Explain the relevance of the Marxist approach in the context of globalization. (UPSC CSE Mains 2019 - Political Science and International Relations, Paper 2).
- Marxism is a relatively new approach to IR. In terms of basic assumptions, methodology and dealing with the issues, the Marxist approach presents a different and fascinating picture of world politics. Imperialism has been a keen area of interest for Marxists.
- Earlier Marxists have linked the origin and development of imperialism with the advancement of capitalism. However, based on the analysis of imperialism presented by Marxists after Lenin, it can be said that to have a proper understanding of the Marxist theory of imperialism, we necessarily need to go beyond Hobson and Lenin and include neo-Marxist and globalisation era Marxist account of imperialism.
- Taking inspiration from Marxism, three variants of neo-Marxism have significantly enhanced our understanding of world politics. The dependency theory explains how unfair terms of trade between developed and newly independent states lead to exploitation of post-colonial states by the developed capitalist states.

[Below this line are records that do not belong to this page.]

(* Let $G_1$ and $G_2$ be metrizable SIN topological groups and let $A$ be a subgroup of both $G_1$ and $G_2$ whose subspace topologies from $G_1$ and from $G_2$ coincide. Then there exist compatible two-sided invariant metrics $d_1$ on $G_1$ and $d_2$ on $G_2$ and a constant $K>0$ such that $$\tfrac1K d_1(a_1,a_2)\le d_2(a_1,a_2)\le K d_1(a_1,a_2)\quad\text{for all } a_1,a_2\in A.$$ (In fact one can take $K=8$.)
   Context: A topological group is SIN if every neighborhood of the identity contains a neighborhood $V$ of the identity with $gVg^{-1}=V$ for all $g$. A metric is compatible if it induces the group topology; two-sided invariant means $d(gf_1,gf_2)=d(f_1,f_2)=d(f_1g,f_2g)$. *)

From Stdlib Require Import Reals.
Open Scope R_scope.

Record Group := {
  carrier :> Type;
  gmul : carrier -> carrier -> carrier;
  ginv : carrier -> carrier;
  gone : carrier;
  gmul_assoc : forall x y z, gmul x (gmul y z) = gmul (gmul x y) z;
  gmul_1l : forall x, gmul gone x = x;
  gmul_Vl : forall x, gmul (ginv x) x = gone
}.

Arguments gmul {g} _ _.
Arguments ginv {g} _.
Arguments gone {g}.

Record Topology (T : Type) := {
  is_open : (T -> Prop) -> Prop;
  open_full : is_open (fun _ => True);
  open_inter : forall U V, is_open U -> is_open V ->
                 is_open (fun x => U x /\ V x);
  open_union : forall F : (T -> Prop) -> Prop,
                 (forall U, F U -> is_open U) ->
                 is_open (fun x => exists U, F U /\ U x)
}.

Arguments is_open {T} _ _.

Record TopGroup := {
  tg_group :> Group;
  tg_top : Topology tg_group;
  tg_mul_cont : forall (W : tg_group -> Prop) (x y : tg_group),
    is_open tg_top W -> W (gmul x y) ->
    exists U V, is_open tg_top U /\ is_open tg_top V /\ U x /\ V y /\
      (forall u v, U u -> V v -> W (gmul u v));
  tg_inv_cont : forall (W : tg_group -> Prop) (x : tg_group),
    is_open tg_top W -> W (ginv x) ->
    exists U, is_open tg_top U /\ U x /\ (forall u, U u -> W (ginv u))
}.

Definition nbhd_one (G : TopGroup) (N : G -> Prop) : Prop :=
  exists U, is_open (tg_top G) U /\ U gone /\ (forall x, U x -> N x).

Definition is_SIN (G : TopGroup) : Prop :=
  forall N : G -> Prop, nbhd_one G N ->
    exists V : G -> Prop, nbhd_one G V /\ (forall x, V x -> N x) /\
      (forall (g y : G),
         (exists v, V v /\ y = gmul (gmul g v) (ginv g)) <-> V y).

Definition is_metric (T : Type) (d : T -> T -> R) : Prop :=
  (forall x y, 0 <= d x y) /\
  (forall x y, d x y = 0 <-> x = y) /\
  (forall x y, d x y = d y x) /\
  (forall x y z, d x z <= d x y + d y z).

Definition compatible_metric (G : TopGroup) (d : G -> G -> R) : Prop :=
  is_metric G d /\
  forall U : G -> Prop,
    is_open (tg_top G) U <->
    (forall x, U x -> exists eps, 0 < eps /\ forall y, d x y < eps -> U y).

Definition metrizable (G : TopGroup) : Prop :=
  exists d, compatible_metric G d.

Definition two_sided_invariant (G : Group) (d : G -> G -> R) : Prop :=
  forall g f1 f2 : G,
    d (gmul g f1) (gmul g f2) = d f1 f2 /\
    d (gmul f1 g) (gmul f2 g) = d f1 f2.

(* j : A -> G is an injective group homomorphism, i.e. identifies A with a
   subgroup of G. *)
Definition subgroup_embedding (A G : Group) (j : A -> G) : Prop :=
  (forall a b, j (gmul a b) = gmul (j a) (j b)) /\
  (forall a b, j a = j b -> a = b).

Definition subspace_open (G : TopGroup) (A : Type) (j : A -> G)
  (S : A -> Prop) : Prop :=
  exists U, is_open (tg_top G) U /\ forall a, S a <-> U (j a).

(* Proof idea (Birkhoff-Kakutani with interleaving).  A chain on a group G is a
   sequence G = U 0 ⊇ U 1 ⊇ ... of neighbourhoods of 1, each symmetric and
   conjugation invariant, with U (n+1)^3 ⊆ U n, forming a base at 1 and
   intersecting to {1}.  Giving U n the weight 2^-n and letting rho x be the
   infimum of the total weight of words x = x_1 ... x_k with x_i ∈ U n_i, one
   gets a conjugation invariant norm with x ∈ U m -> rho x <= 2^-m and
   rho x < 2^-m -> x ∈ U m; so d x y = rho (x^-1 y) is a compatible two-sided
   invariant metric.  In a SIN group every neighbourhood of 1 contains the cube
   of a conjugation invariant one, and since A carries the same topology from
   G1 and G2 the chains on G1 and G2 can be built simultaneously so that their
   traces on A interlace (U1 (n+1) ∩ A ⊆ U2 n and U2 (n+1) ∩ A ⊆ U1 n).
   Interlacing makes the two norms agree on A up to the factor 4. *)
From Stdlib Require Import Reals Lra Lia List Classical ClassicalEpsilon
  FunctionalExtensionality PropExtensionality.
Import ListNotations.
Open Scope R_scope.

Lemma mul_inv_r (G : Group) (x : G) : gmul x (ginv x) = gone.
Proof.
  rewrite <- (gmul_1l G (gmul x (ginv x))), <- (gmul_Vl G (ginv x)) at 1.
  rewrite <- gmul_assoc, (gmul_assoc G (ginv x) x (ginv x)), gmul_Vl, gmul_1l.
  apply gmul_Vl.
Qed.

Lemma mul_1r (G : Group) (x : G) : gmul x gone = x.
Proof. rewrite <- (gmul_Vl G x), gmul_assoc, mul_inv_r. apply gmul_1l. Qed.

Lemma mul_cancel_l (G : Group) (a x y : G) : gmul a x = gmul a y -> x = y.
Proof.
  intro H. rewrite <- (gmul_1l G x), <- (gmul_1l G y), <- (gmul_Vl G a).
  rewrite <- !gmul_assoc, H. reflexivity.
Qed.

Lemma inv_unique (G : Group) (x y : G) : gmul y x = gone -> y = ginv x.
Proof.
  intro H. rewrite <- (mul_1r G y), <- (mul_inv_r G x), gmul_assoc, H.
  apply gmul_1l.
Qed.

Lemma inv_inv (G : Group) (x : G) : ginv (ginv x) = x.
Proof. symmetry. apply inv_unique, mul_inv_r. Qed.

Lemma inv_one (G : Group) : ginv (@gone G) = gone.
Proof. symmetry. apply inv_unique, gmul_1l. Qed.

Lemma inv_mul (G : Group) (x y : G) : ginv (gmul x y) = gmul (ginv y) (ginv x).
Proof.
  symmetry. apply inv_unique.
  rewrite <- gmul_assoc, (gmul_assoc G (ginv x) x y), gmul_Vl, gmul_1l.
  apply gmul_Vl.
Qed.

Lemma mul_Vl_cancel (G : Group) (x y : G) : gmul (ginv x) (gmul x y) = y.
Proof. rewrite gmul_assoc, gmul_Vl. apply gmul_1l. Qed.

Lemma mul_Vr_cancel (G : Group) (x y : G) : gmul x (gmul (ginv x) y) = y.
Proof. rewrite gmul_assoc, mul_inv_r. apply gmul_1l. Qed.

Definition is_hom (A G : Group) (j : A -> G) : Prop :=
  forall a b, j (gmul a b) = gmul (j a) (j b).

Lemma hom_one (A G : Group) (j : A -> G) : is_hom A G j -> j gone = gone.
Proof.
  intro H. apply (mul_cancel_l G (j gone)).
  rewrite <- H, gmul_1l, mul_1r. reflexivity.
Qed.

Lemma hom_inv (A G : Group) (j : A -> G) :
  is_hom A G j -> forall a, j (ginv a) = ginv (j a).
Proof.
  intros H a. apply inv_unique. rewrite <- H, gmul_Vl. apply (hom_one A G j H).
Qed.

Lemma open_local (G : TopGroup) (S : G -> Prop) :
  (forall x, S x -> exists U, is_open (tg_top G) U /\ U x /\ forall y, U y -> S y) ->
  is_open (tg_top G) S.
Proof.
  intro H.
  assert (E : S = (fun x => exists U,
             (fun U => is_open (tg_top G) U /\ forall y, U y -> S y) U /\ U x)).
  { apply functional_extensionality. intro x. apply propositional_extensionality.
    split.
    - intro Sx. destruct (H x Sx) as [U [HU [Ux HS]]]. exists U. tauto.
    - intros [U [[_ HS] Ux]]. auto. }
  rewrite E. apply open_union. intros U [HU _]. exact HU.
Qed.

Lemma open_translate (G : TopGroup) (O : G -> Prop) (x : G) :
  is_open (tg_top G) O -> O x ->
  exists V, is_open (tg_top G) V /\ V gone /\ forall v, V v -> O (gmul x v).
Proof.
  intros HO Ox. rewrite <- (mul_1r G x) in Ox.
  destruct (tg_mul_cont G O x gone HO Ox) as [U [V [HU [HV [Ux [V1 HM]]]]]].
  exists V. auto.
Qed.

Lemma open_left_translate (G : TopGroup) (N : G -> Prop) (g : G) :
  is_open (tg_top G) N -> is_open (tg_top G) (fun y => N (gmul g y)).
Proof.
  intro HN. apply open_local. intros y Ny.
  destruct (tg_mul_cont G N g y HN Ny) as [U [V [_ [HV [Ug [Vy HM]]]]]].
  exists V. auto.
Qed.

Lemma open_inv (G : TopGroup) (Q : G -> Prop) :
  is_open (tg_top G) Q -> is_open (tg_top G) (fun x => Q (ginv x)).
Proof.
  intro HQ. apply open_local. intros x Qx.
  destruct (tg_inv_cont G Q x HQ Qx) as [U [HU [Ux HI]]]. exists U. auto.
Qed.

- The neo-Gramscian approach has splendidly shown how the powerful state establishes and maintain their hegemony and suggested the way to end it. Going a step further, the critical theory has underscored the need and way to end the exploitation of human being and realise their emancipation.
- Despite its retreat after the economic crisis of 2008, there is no denying that globalization continues to be one of the central tendencies of capitalism’s law of motion. Indeed, exactly 150 years ago, Marx recognized the phenomenon now understood as globalization as the world market, although he did not use the former term, because it was coined about a century after his death. However, what Marx meant by ‘intercourse with foreign nations … the expeditions of adventurers, colonization … the extension of markets into a world market … a new phase of historical development’ in The German Ideology, co-authored with Friedrick Engels (1820–95), was nothing else than today’s globalization.
- According to the economist Joseph Stiglitz, “Countries find themselves in situations where they are having policies imposed on them”. He finds it similar to the 19th-century opium wars when the countries were told to open the economy by using military power.